[Problem description]: Each entry, as given, must be output unchanged.

[Records supplied]:
================

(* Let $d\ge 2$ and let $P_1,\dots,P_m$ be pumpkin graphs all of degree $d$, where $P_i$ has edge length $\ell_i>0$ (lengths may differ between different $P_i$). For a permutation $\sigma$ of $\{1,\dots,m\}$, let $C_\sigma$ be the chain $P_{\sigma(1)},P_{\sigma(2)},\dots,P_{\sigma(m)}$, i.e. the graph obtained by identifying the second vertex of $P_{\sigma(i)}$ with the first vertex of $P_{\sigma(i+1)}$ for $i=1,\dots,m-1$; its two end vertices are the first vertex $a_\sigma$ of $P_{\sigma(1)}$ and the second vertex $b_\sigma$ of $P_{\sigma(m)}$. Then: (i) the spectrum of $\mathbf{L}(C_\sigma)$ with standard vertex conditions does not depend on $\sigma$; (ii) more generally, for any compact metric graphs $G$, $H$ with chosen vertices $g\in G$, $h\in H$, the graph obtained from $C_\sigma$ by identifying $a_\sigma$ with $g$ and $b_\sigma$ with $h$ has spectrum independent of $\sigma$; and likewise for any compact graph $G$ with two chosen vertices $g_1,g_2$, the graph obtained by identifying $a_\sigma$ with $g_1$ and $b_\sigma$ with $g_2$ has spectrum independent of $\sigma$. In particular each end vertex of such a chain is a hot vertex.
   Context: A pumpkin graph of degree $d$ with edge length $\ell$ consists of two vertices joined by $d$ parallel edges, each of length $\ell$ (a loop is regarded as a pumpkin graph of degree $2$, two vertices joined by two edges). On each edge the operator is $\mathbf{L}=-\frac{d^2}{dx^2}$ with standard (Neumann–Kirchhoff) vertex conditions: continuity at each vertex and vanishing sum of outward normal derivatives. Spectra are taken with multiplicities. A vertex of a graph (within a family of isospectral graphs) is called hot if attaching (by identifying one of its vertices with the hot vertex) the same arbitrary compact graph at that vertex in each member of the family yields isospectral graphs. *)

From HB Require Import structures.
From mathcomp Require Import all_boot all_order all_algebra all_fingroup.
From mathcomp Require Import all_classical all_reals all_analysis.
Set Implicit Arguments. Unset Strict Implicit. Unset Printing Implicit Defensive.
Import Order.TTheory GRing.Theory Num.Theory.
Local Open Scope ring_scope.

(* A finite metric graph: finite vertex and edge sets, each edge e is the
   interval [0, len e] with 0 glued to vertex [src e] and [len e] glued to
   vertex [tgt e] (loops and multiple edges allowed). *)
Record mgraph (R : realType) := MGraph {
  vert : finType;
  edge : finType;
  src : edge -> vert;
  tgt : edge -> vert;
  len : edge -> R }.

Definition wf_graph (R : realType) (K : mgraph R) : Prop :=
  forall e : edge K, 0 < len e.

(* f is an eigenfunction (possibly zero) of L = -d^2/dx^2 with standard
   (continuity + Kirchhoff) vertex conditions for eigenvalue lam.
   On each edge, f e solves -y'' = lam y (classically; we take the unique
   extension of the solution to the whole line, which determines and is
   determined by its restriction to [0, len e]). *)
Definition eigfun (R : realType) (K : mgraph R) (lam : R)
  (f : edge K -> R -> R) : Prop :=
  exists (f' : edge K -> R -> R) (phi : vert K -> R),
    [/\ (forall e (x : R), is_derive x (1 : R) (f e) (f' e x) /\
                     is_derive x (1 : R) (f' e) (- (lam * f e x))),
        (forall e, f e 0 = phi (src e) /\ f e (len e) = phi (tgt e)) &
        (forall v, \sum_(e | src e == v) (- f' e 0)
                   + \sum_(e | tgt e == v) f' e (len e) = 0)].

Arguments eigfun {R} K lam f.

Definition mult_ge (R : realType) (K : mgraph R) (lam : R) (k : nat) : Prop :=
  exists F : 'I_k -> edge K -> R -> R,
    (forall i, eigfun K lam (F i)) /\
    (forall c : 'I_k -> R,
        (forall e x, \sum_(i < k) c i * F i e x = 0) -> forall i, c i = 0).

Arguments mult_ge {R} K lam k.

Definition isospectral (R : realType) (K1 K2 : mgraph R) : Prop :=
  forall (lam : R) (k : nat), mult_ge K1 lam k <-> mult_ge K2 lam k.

================

[Answer box]:
(* Let $d\ge 2$ and let $P_1,\dots,P_m$ be pumpkin graphs all of degree $d$, where $P_i$ has edge length $\ell_i>0$ (lengths may differ between different $P_i$). For a permutation $\sigma$ of $\{1,\dots,m\}$, let $C_\sigma$ be the chain $P_{\sigma(1)},P_{\sigma(2)},\dots,P_{\sigma(m)}$, i.e. the graph obtained by identifying the second vertex of $P_{\sigma(i)}$ with the first vertex of $P_{\sigma(i+1)}$ for $i=1,\dots,m-1$; its two end vertices are the first vertex $a_\sigma$ of $P_{\sigma(1)}$ and the second vertex $b_\sigma$ of $P_{\sigma(m)}$. Then: (i) the spectrum of $\mathbf{L}(C_\sigma)$ with standard vertex conditions does not depend on $\sigma$; (ii) more generally, for any compact metric graphs $G$, $H$ with chosen vertices $g\in G$, $h\in H$, the graph obtained from $C_\sigma$ by identifying $a_\sigma$ with $g$ and $b_\sigma$ with $h$ has spectrum independent of $\sigma$; and likewise for any compact graph $G$ with two chosen vertices $g_1,g_2$, the graph obtained by identifying $a_\sigma$ with $g_1$ and $b_\sigma$ with $g_2$ has spectrum independent of $\sigma$. In particular each end vertex of such a chain is a hot vertex.
   Context: A pumpkin graph of degree $d$ with edge length $\ell$ consists of two vertices joined by $d$ parallel edges, each of length $\ell$ (a loop is regarded as a pumpkin graph of degree $2$, two vertices joined by two edges). On each edge the operator is $\mathbf{L}=-\frac{d^2}{dx^2}$ with standard (Neumann–Kirchhoff) vertex conditions: continuity at each vertex and vanishing sum of outward normal derivatives. Spectra are taken with multiplicities. A vertex of a graph (within a family of isospectral graphs) is called hot if attaching (by identifying one of its vertices with the hot vertex) the same arbitrary compact graph at that vertex in each member of the family yields isospectral graphs. *)

From HB Require Import structures.
From mathcomp Require Import all_boot all_order all_algebra all_fingroup.
From mathcomp Require Import all_classical all_reals all_analysis.
Set Implicit Arguments. Unset Strict Implicit. Unset Printing Implicit Defensive.
Import Order.TTheory GRing.Theory Num.Theory.
Local Open Scope ring_scope.

(* A finite metric graph: finite vertex and edge sets, each edge e is the
   interval [0, len e] with 0 glued to vertex [src e] and [len e] glued to
   vertex [tgt e] (loops and multiple edges allowed). *)
Record mgraph (R : realType) := MGraph {
  vert : finType;
  edge : finType;
  src : edge -> vert;
  tgt : edge -> vert;
  len : edge -> R }.

Definition wf_graph (R : realType) (K : mgraph R) : Prop :=
  forall e : edge K, 0 < len e.

(* f is an eigenfunction (possibly zero) of L = -d^2/dx^2 with standard
   (continuity + Kirchhoff) vertex conditions for eigenvalue lam.
   On each edge, f e solves -y'' = lam y (classically; we take the unique
   extension of the solution to the whole line, which determines and is
   determined by its restriction to [0, len e]). *)
Definition eigfun (R : realType) (K : mgraph R) (lam : R)
  (f : edge K -> R -> R) : Prop :=
  exists (f' : edge K -> R -> R) (phi : vert K -> R),
    [/\ (forall e (x : R), is_derive x (1 : R) (f e) (f' e x) /\
                     is_derive x (1 : R) (f' e) (- (lam * f e x))),
        (forall e, f e 0 = phi (src e) /\ f e (len e) = phi (tgt e)) &
        (forall v, \sum_(e | src e == v) (- f' e 0)
                   + \sum_(e | tgt e == v) f' e (len e) = 0)].

Arguments eigfun {R} K lam f.

Definition mult_ge (R : realType) (K : mgraph R) (lam : R) (k : nat) : Prop :=
  exists F : 'I_k -> edge K -> R -> R,
    (forall i, eigfun K lam (F i)) /\
    (forall c : 'I_k -> R,
        (forall e x, \sum_(i < k) c i * F i e x = 0) -> forall i, c i = 0).

Arguments mult_ge {R} K lam k.

Definition isospectral (R : realType) (K1 K2 : mgraph R) : Prop :=
  forall (lam : R) (k : nat), mult_ge K1 lam k <-> mult_ge K2 lam k.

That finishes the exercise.